Every record below, from the first line to the last, is to be set down again exactly.

┄┄┄┄┄┄

(* Let $D\subseteq\mathbb{R}^n$ be nonempty, convex, closed and bounded, and let $f:\mathbb{R}^n\to\mathbb{R}$ be continuously differentiable. Consider Method (CGMIS) (described in the context). Then: (i) the number of changes of the index $k$ at each stage $p$ is finite, so the sequence $\{w^p\}_{p\ge0}$ is infinite; (ii) the sequence $\{w^p\}$ has limit points, and all of them belong to $D^0$; (iii) if, in addition, $f$ is pseudo-convex on $D$, then all limit points of $\{w^p\}$ belong to $D^*$, and $\lim_{p\to\infty}f(w^p)=f^*$.
   Context: Notation: $f'(x)$ is the gradient of $f$. The problem is $\min_{x\in D}f(x)$; $f^*=\inf_{x\in D}f(x)$ and $D^*$ is its solution set. $D^0$ is the set of $x^*\in D$ with $\langle f'(x^* ),x-x^*\rangle\ge0$ for all $x\in D$. $\mu(x)=\max_{y\in D}\langle f'(x),x-y\rangle$. A differentiable $\varphi$ is pseudo-convex on $D$ if for all $x,y\in D$, $\langle\varphi'(x),y-x\rangle\ge0$ implies $\varphi(y)\ge\varphi(x)$. Method (CGMIS): Choose $w^0\in D$, $\beta\in(0,1)$, and a positive sequence $\{\delta_p\}$ with $\delta_p\to0$. Set $p=1$. (Step 0) Choose a sequence of numbers $\tau_{l,p}\in(0,1)$, $l=0,1,\dots$, with $\tau_{l,p}\to0$ as $l\to\infty$; set $k=0$, $l=0$, $x^0=w^{p-1}$, and choose $\lambda_0\in(0,\tau_{0,p}]$. (Step 1) If $\mu(x^k)<\delta_p$, set $w^p=x^k$, replace $p$ by $p+1$ and go to Step 0 (restart). Otherwise choose any $z^k\in D$ with $\langle f'(x^k),x^k-z^k\rangle\ge\delta_p$. (Step 2) Set $d^k=z^k-x^k$, $x^{k+1}=x^k+\lambda_k d^k$. If $f(x^{k+1})\le f(x^k)+\beta\lambda_k\langle f'(x^k),d^k\rangle$, choose any $\lambda_{k+1}\in[\lambda_k,\tau_{l,p}]$ (with $l$ unchanged). Otherwise set $\lambda'_{k+1}=\min\{\lambda_k,\tau_{l+1,p}\}$, replace $l$ by $l+1$, and choose any $\lambda_{k+1}\in(0,\lambda'_{k+1}]$. Set $k=k+1$ and go to Step 1. The iterations with a fixed value of $p$ form stage $p$. *)

From mathcomp Require Import ssreflect ssrfun ssrbool eqtype ssrnat seq fintype bigop.
From Stdlib Require Import Reals ClassicalEpsilon.

Set Implicit Arguments.
Unset Strict Implicit.

Local Open Scope R_scope.

Definition vec (n : nat) := 'I_n -> R.

Definition vadd n (u v : vec n) : vec n := fun i => u i + v i.
Definition vsub n (u v : vec n) : vec n := fun i => u i - v i.
Definition vscal n (a : R) (u : vec n) : vec n := fun i => a * u i.

Definition dot n (u v : vec n) : R := \big[Rplus/0]_(i < n) (u i * v i).
Definition vnorm n (u : vec n) : R := sqrt (dot u u).

Definition vnonempty n (D : vec n -> Prop) := exists x, D x.
Definition vconvex n (D : vec n -> Prop) :=
  forall x y t, D x -> D y -> 0 <= t <= 1 -> D (vadd x (vscal t (vsub y x))).
Definition vclosed n (D : vec n -> Prop) :=
  forall x, ~ D x -> exists eps, 0 < eps /\ forall y, vnorm (vsub y x) < eps -> ~ D y.
Definition vbounded n (D : vec n -> Prop) :=
  exists M, forall x, D x -> vnorm x <= M.

Definition is_gradient n (f : vec n -> R) (f' : vec n -> vec n) :=
  forall x eps, 0 < eps -> exists d, 0 < d /\
    forall h, vnorm h < d ->
      Rabs (f (vadd x h) - f x - dot (f' x) h) <= eps * vnorm h.

Definition vcontinuous n m (g : vec n -> vec m) :=
  forall x eps, 0 < eps -> exists d, 0 < d /\
    forall y, vnorm (vsub y x) < d -> vnorm (vsub (g y) (g x)) < eps.

Definition C1_with_gradient n (f : vec n -> R) (f' : vec n -> vec n) :=
  is_gradient f f' /\ vcontinuous f'.

Definition is_max_gap n (D : vec n -> Prop) (f' : vec n -> vec n) (x : vec n) (m : R) :=
  (exists y, D y /\ dot (f' x) (vsub x y) = m) /\
  (forall y, D y -> dot (f' x) (vsub x y) <= m).
Definition mu n (D : vec n -> Prop) (f' : vec n -> vec n) (x : vec n) : R :=
  epsilon (inhabits 0) (is_max_gap D f' x).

┄┄┄┄┄┄

RESPONSE TO THIS EXERCISE:
(* Let $D\subseteq\mathbb{R}^n$ be nonempty, convex, closed and bounded, and let $f:\mathbb{R}^n\to\mathbb{R}$ be continuously differentiable. Consider Method (CGMIS) (described in the context). Then: (i) the number of changes of the index $k$ at each stage $p$ is finite, so the sequence $\{w^p\}_{p\ge0}$ is infinite; (ii) the sequence $\{w^p\}$ has limit points, and all of them belong to $D^0$; (iii) if, in addition, $f$ is pseudo-convex on $D$, then all limit points of $\{w^p\}$ belong to $D^*$, and $\lim_{p\to\infty}f(w^p)=f^*$.
   Context: Notation: $f'(x)$ is the gradient of $f$. The problem is $\min_{x\in D}f(x)$; $f^*=\inf_{x\in D}f(x)$ and $D^*$ is its solution set. $D^0$ is the set of $x^*\in D$ with $\langle f'(x^* ),x-x^*\rangle\ge0$ for all $x\in D$. $\mu(x)=\max_{y\in D}\langle f'(x),x-y\rangle$. A differentiable $\varphi$ is pseudo-convex on $D$ if for all $x,y\in D$, $\langle\varphi'(x),y-x\rangle\ge0$ implies $\varphi(y)\ge\varphi(x)$. Method (CGMIS): Choose $w^0\in D$, $\beta\in(0,1)$, and a positive sequence $\{\delta_p\}$ with $\delta_p\to0$. Set $p=1$. (Step 0) Choose a sequence of numbers $\tau_{l,p}\in(0,1)$, $l=0,1,\dots$, with $\tau_{l,p}\to0$ as $l\to\infty$; set $k=0$, $l=0$, $x^0=w^{p-1}$, and choose $\lambda_0\in(0,\tau_{0,p}]$. (Step 1) If $\mu(x^k)<\delta_p$, set $w^p=x^k$, replace $p$ by $p+1$ and go to Step 0 (restart). Otherwise choose any $z^k\in D$ with $\langle f'(x^k),x^k-z^k\rangle\ge\delta_p$. (Step 2) Set $d^k=z^k-x^k$, $x^{k+1}=x^k+\lambda_k d^k$. If $f(x^{k+1})\le f(x^k)+\beta\lambda_k\langle f'(x^k),d^k\rangle$, choose any $\lambda_{k+1}\in[\lambda_k,\tau_{l,p}]$ (with $l$ unchanged). Otherwise set $\lambda'_{k+1}=\min\{\lambda_k,\tau_{l+1,p}\}$, replace $l$ by $l+1$, and choose any $\lambda_{k+1}\in(0,\lambda'_{k+1}]$. Set $k=k+1$ and go to Step 1. The iterations with a fixed value of $p$ form stage $p$. *)

From mathcomp Require Import ssreflect ssrfun ssrbool eqtype ssrnat seq fintype bigop.
From Stdlib Require Import Reals ClassicalEpsilon.

Set Implicit Arguments.
Unset Strict Implicit.

Local Open Scope R_scope.

Definition vec (n : nat) := 'I_n -> R.

Definition vadd n (u v : vec n) : vec n := fun i => u i + v i.
Definition vsub n (u v : vec n) : vec n := fun i => u i - v i.
Definition vscal n (a : R) (u : vec n) : vec n := fun i => a * u i.

Definition dot n (u v : vec n) : R := \big[Rplus/0]_(i < n) (u i * v i).
Definition vnorm n (u : vec n) : R := sqrt (dot u u).

Definition vnonempty n (D : vec n -> Prop) := exists x, D x.
Definition vconvex n (D : vec n -> Prop) :=
  forall x y t, D x -> D y -> 0 <= t <= 1 -> D (vadd x (vscal t (vsub y x))).
Definition vclosed n (D : vec n -> Prop) :=
  forall x, ~ D x -> exists eps, 0 < eps /\ forall y, vnorm (vsub y x) < eps -> ~ D y.
Definition vbounded n (D : vec n -> Prop) :=
  exists M, forall x, D x -> vnorm x <= M.

Definition is_gradient n (f : vec n -> R) (f' : vec n -> vec n) :=
  forall x eps, 0 < eps -> exists d, 0 < d /\
    forall h, vnorm h < d ->
      Rabs (f (vadd x h) - f x - dot (f' x) h) <= eps * vnorm h.

Definition vcontinuous n m (g : vec n -> vec m) :=
  forall x eps, 0 < eps -> exists d, 0 < d /\
    forall y, vnorm (vsub y x) < d -> vnorm (vsub (g y) (g x)) < eps.

Definition C1_with_gradient n (f : vec n -> R) (f' : vec n -> vec n) :=
  is_gradient f f' /\ vcontinuous f'.

Definition is_max_gap n (D : vec n -> Prop) (f' : vec n -> vec n) (x : vec n) (m : R) :=
  (exists y, D y /\ dot (f' x) (vsub x y) = m) /\
  (forall y, D y -> dot (f' x) (vsub x y) <= m).
Definition mu n (D : vec n -> Prop) (f' : vec n -> vec n) (x : vec n) : R :=
  epsilon (inhabits 0) (is_max_gap D f' x).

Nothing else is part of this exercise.